**What you need to do**
Within this material, find every line where the string "Section" appears, and copy it out.
────────
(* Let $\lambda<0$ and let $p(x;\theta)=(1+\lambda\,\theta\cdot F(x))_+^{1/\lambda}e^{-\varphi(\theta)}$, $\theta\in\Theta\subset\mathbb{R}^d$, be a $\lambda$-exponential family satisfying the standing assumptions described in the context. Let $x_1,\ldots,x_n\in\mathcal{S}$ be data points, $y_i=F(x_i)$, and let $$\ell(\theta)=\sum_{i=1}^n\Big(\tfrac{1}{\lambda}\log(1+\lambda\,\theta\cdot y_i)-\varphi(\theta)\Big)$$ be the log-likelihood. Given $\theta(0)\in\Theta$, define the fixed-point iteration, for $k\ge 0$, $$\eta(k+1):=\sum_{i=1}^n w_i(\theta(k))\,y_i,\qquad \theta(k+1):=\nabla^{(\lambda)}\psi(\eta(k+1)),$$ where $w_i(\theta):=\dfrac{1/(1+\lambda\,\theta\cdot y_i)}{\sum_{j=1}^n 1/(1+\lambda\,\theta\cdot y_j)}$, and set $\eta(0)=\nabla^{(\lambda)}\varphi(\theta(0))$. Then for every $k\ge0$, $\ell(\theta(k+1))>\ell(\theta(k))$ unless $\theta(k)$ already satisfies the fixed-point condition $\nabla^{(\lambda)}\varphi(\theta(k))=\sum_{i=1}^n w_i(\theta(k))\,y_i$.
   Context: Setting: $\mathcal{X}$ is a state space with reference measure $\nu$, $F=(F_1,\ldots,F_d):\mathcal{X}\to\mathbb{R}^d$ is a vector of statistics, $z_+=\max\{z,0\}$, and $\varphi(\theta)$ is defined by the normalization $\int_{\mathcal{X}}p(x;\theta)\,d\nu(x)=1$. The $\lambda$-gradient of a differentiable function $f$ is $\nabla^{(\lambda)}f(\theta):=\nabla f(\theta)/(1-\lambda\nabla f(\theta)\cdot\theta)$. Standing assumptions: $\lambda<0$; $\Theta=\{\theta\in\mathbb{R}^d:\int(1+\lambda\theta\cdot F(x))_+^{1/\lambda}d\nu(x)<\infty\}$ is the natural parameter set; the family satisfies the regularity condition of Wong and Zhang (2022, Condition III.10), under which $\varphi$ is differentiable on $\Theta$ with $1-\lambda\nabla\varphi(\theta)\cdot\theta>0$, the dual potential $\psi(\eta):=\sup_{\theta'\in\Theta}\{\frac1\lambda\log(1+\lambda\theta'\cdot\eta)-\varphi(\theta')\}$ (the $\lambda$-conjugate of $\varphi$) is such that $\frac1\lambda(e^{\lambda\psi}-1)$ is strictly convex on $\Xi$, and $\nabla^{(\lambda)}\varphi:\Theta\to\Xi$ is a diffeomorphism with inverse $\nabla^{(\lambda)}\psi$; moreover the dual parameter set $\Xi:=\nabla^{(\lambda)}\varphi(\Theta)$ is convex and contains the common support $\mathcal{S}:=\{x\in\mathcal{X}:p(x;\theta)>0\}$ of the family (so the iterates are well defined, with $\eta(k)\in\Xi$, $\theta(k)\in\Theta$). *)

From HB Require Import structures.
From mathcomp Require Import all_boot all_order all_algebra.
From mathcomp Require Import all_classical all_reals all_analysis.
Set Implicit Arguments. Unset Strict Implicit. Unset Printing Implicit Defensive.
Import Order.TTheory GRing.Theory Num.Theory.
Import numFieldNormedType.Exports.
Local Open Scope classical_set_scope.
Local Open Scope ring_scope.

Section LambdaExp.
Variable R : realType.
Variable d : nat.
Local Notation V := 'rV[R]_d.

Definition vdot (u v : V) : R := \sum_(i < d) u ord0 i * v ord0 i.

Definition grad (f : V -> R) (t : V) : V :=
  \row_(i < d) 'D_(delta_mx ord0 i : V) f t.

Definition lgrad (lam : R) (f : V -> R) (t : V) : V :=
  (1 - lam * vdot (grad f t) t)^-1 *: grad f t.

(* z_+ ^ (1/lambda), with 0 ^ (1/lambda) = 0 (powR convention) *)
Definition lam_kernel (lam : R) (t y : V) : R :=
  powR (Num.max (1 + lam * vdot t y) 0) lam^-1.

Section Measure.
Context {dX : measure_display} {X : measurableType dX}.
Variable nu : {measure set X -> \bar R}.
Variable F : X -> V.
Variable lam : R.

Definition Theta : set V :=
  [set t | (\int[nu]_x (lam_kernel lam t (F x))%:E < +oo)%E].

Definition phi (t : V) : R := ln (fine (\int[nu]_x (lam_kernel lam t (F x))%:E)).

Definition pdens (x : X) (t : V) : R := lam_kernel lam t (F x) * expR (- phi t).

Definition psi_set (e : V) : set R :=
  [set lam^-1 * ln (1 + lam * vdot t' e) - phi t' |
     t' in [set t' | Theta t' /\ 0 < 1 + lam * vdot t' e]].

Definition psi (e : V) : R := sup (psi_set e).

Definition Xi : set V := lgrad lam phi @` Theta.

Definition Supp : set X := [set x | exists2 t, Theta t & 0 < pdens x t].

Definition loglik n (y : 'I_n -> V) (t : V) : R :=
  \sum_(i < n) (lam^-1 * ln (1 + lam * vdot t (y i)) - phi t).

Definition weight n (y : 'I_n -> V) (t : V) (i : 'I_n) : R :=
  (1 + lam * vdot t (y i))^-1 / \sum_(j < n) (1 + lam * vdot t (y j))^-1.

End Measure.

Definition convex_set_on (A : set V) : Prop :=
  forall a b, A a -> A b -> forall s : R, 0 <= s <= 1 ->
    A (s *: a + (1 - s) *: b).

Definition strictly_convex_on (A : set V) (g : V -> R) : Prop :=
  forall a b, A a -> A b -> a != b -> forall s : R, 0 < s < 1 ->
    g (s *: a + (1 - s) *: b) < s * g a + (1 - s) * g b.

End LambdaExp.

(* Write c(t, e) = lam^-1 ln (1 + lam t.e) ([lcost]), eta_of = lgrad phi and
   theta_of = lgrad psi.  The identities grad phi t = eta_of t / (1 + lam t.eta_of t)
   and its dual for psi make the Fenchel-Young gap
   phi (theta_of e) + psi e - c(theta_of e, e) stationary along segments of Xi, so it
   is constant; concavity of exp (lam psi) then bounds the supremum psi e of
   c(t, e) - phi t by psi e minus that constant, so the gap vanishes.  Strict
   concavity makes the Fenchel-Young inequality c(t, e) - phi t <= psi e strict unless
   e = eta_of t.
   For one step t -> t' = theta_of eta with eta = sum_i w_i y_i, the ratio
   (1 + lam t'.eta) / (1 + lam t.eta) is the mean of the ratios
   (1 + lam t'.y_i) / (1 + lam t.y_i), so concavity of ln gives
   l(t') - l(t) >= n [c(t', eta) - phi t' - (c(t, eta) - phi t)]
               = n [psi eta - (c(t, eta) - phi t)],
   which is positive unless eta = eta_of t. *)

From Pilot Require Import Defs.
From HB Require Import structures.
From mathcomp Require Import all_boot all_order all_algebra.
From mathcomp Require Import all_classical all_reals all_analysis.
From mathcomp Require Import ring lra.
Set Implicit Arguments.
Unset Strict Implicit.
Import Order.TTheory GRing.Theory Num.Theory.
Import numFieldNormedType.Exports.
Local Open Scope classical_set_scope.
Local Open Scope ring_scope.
────────
**Task solution**
Section LambdaExp.
Section Measure.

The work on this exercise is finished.